**** SUPPLIED DATA ****
(* Let $a>0$, $b>0$, $c>0$ and put $\Phi(x)={}_1F_2\left(a\,;b,c\,;-\frac{x^2}{4}\right)$. Suppose $\Phi$ alternates in sign on $(0,\infty)$ and let $z_1$ denote its first zero on $(0,\infty)$. Then for any $\gamma\ge0$, $0\le\delta<b$, $0\le\epsilon<c$, the function $$\Psi(x)={}_1F_2\left(a+\gamma\,;b-\delta,\,c-\epsilon\,;-\frac{x^2}{4}\right)$$ also alternates in sign and possesses at least one zero on $(0,z_1]$.
   Context: For $a,b,c>0$, ${}_1F_2\left(a\,;b,c\,;-\frac{x^2}{4}\right)=\sum_{k=0}^\infty \frac{(a)_k}{k!\,(b)_k(c)_k}\left(-\frac{x^2}{4}\right)^k$, where $(\alpha)_k=\Gamma(\alpha+k)/\Gamma(\alpha)$. ''Alternates in sign'' means takes both positive and negative values on $(0,\infty)$. *)

From Stdlib Require Import Reals.
From Coquelicot Require Import Coquelicot.
Open Scope R_scope.

Fixpoint poch (alpha : R) (k : nat) : R :=
  match k with
  | O => 1
  | S k' => poch alpha k' * (alpha + INR k')
  end.

Definition F12_term (a b c x : R) (k : nat) : R :=
  poch a k / (INR (Factorial.fact k) * poch b k * poch c k) * (- x ^ 2 / 4) ^ k.

(* 1F2(a; b, c; -x^2/4) as the sum of its (everywhere convergent) series. *)
Definition F12 (a b c x : R) : R := Series (F12_term a b c x).

Definition alternates_in_sign (f : R -> R) : Prop :=
  (exists x, 0 < x /\ 0 < f x) /\ (exists y, 0 < y /\ f y < 0).

From Stdlib Require Import Reals Lra Lia Psatz Classical.
From Coquelicot Require Import Coquelicot.
Open Scope R_scope.

(* The ratio [(al)_k / (al + be)_k] is the k-th moment of the Beta(al, be) law on [0, 1].
   Multiplying the coefficients of an entire series [q] by these moments therefore averages
   [t |-> sum_k q_k (t u)^k] over [t] in [0, 1], so a lower bound of that function on [0, 1]
   survives the transform.  The coefficients of 1F2(a; b, c) are those of
   1F2(a + gamma; b - delta, c - epsilon) multiplied by three such moment sequences; hence a
   lower bound of Psi on [0, X] is also one for Phi at X.  If Psi had no zero on (0, z1], its
   positive minimum on [0, z1] would bound Phi(z1) = 0 from below; if Psi were nonnegative,
   so would be Phi.  The Beta law is reached without integration, as the limit of the
   fraction of red draws in a Polya urn, whose falling-factorial moments are explicit. *)

Lemma poch_pos al k : 0 < al -> 0 < poch al k.
Proof.
  intros al_pos; induction k as [|k IH]; simpl; [lra|].
  pose proof (pos_INR k); apply Rmult_lt_0_compat; lra.
Qed.

Lemma poch_le_shift al be k : 0 < al -> 0 <= be -> poch al k <= poch (al + be) k.
Proof.
  intros al_pos be_nonneg; induction k as [|k IH]; simpl; [lra|].
  pose proof (pos_INR k); pose proof (poch_pos al k al_pos).
  apply Rmult_le_compat; lra.
Qed.

Lemma pow_unit x k : 0 <= x <= 1 -> 0 <= x ^ k <= 1.
Proof.
  intros x_unit; split; [apply pow_le; lra|].
  rewrite <- (pow1 k); apply pow_incr; lra.
Qed.

Definition beta_moment (al be : R) (k : nat) : R := poch al k / poch (al + be) k.

Lemma beta_moment_unit al be k : 0 < al -> 0 <= be -> 0 <= beta_moment al be k <= 1.
Proof.
  intros al_pos be_nonneg; unfold beta_moment.
  pose proof (poch_pos al k al_pos); pose proof (poch_le_shift al be k al_pos be_nonneg).
  split.
  - apply Rdiv_le_0_compat; lra.
  - apply Rle_div_l; lra.
Qed.

Fixpoint falling (x : R) (k : nat) : R :=
  match k with
  | O => 1
  | S k' => falling x k' * (x - INR k')
  end.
****
=== EXERCISE INSTRUCTIONS ===
Output, exactly and with no other text, the line that contains "Definition beta_moment (al" and all lines from there to the end of the records.

=== EXERCISE RESPONSE ===
Definition beta_moment (al be : R) (k : nat) : R := poch al k / poch (al + be) k.

Lemma beta_moment_unit al be k : 0 < al -> 0 <= be -> 0 <= beta_moment al be k <= 1.
Proof.
  intros al_pos be_nonneg; unfold beta_moment.
  pose proof (poch_pos al k al_pos); pose proof (poch_le_shift al be k al_pos be_nonneg).
  split.
  - apply Rdiv_le_0_compat; lra.
  - apply Rle_div_l; lra.
Qed.

Fixpoint falling (x : R) (k : nat) : R :=
  match k with
  | O => 1
  | S k' => falling x k' * (x - INR k')
  end.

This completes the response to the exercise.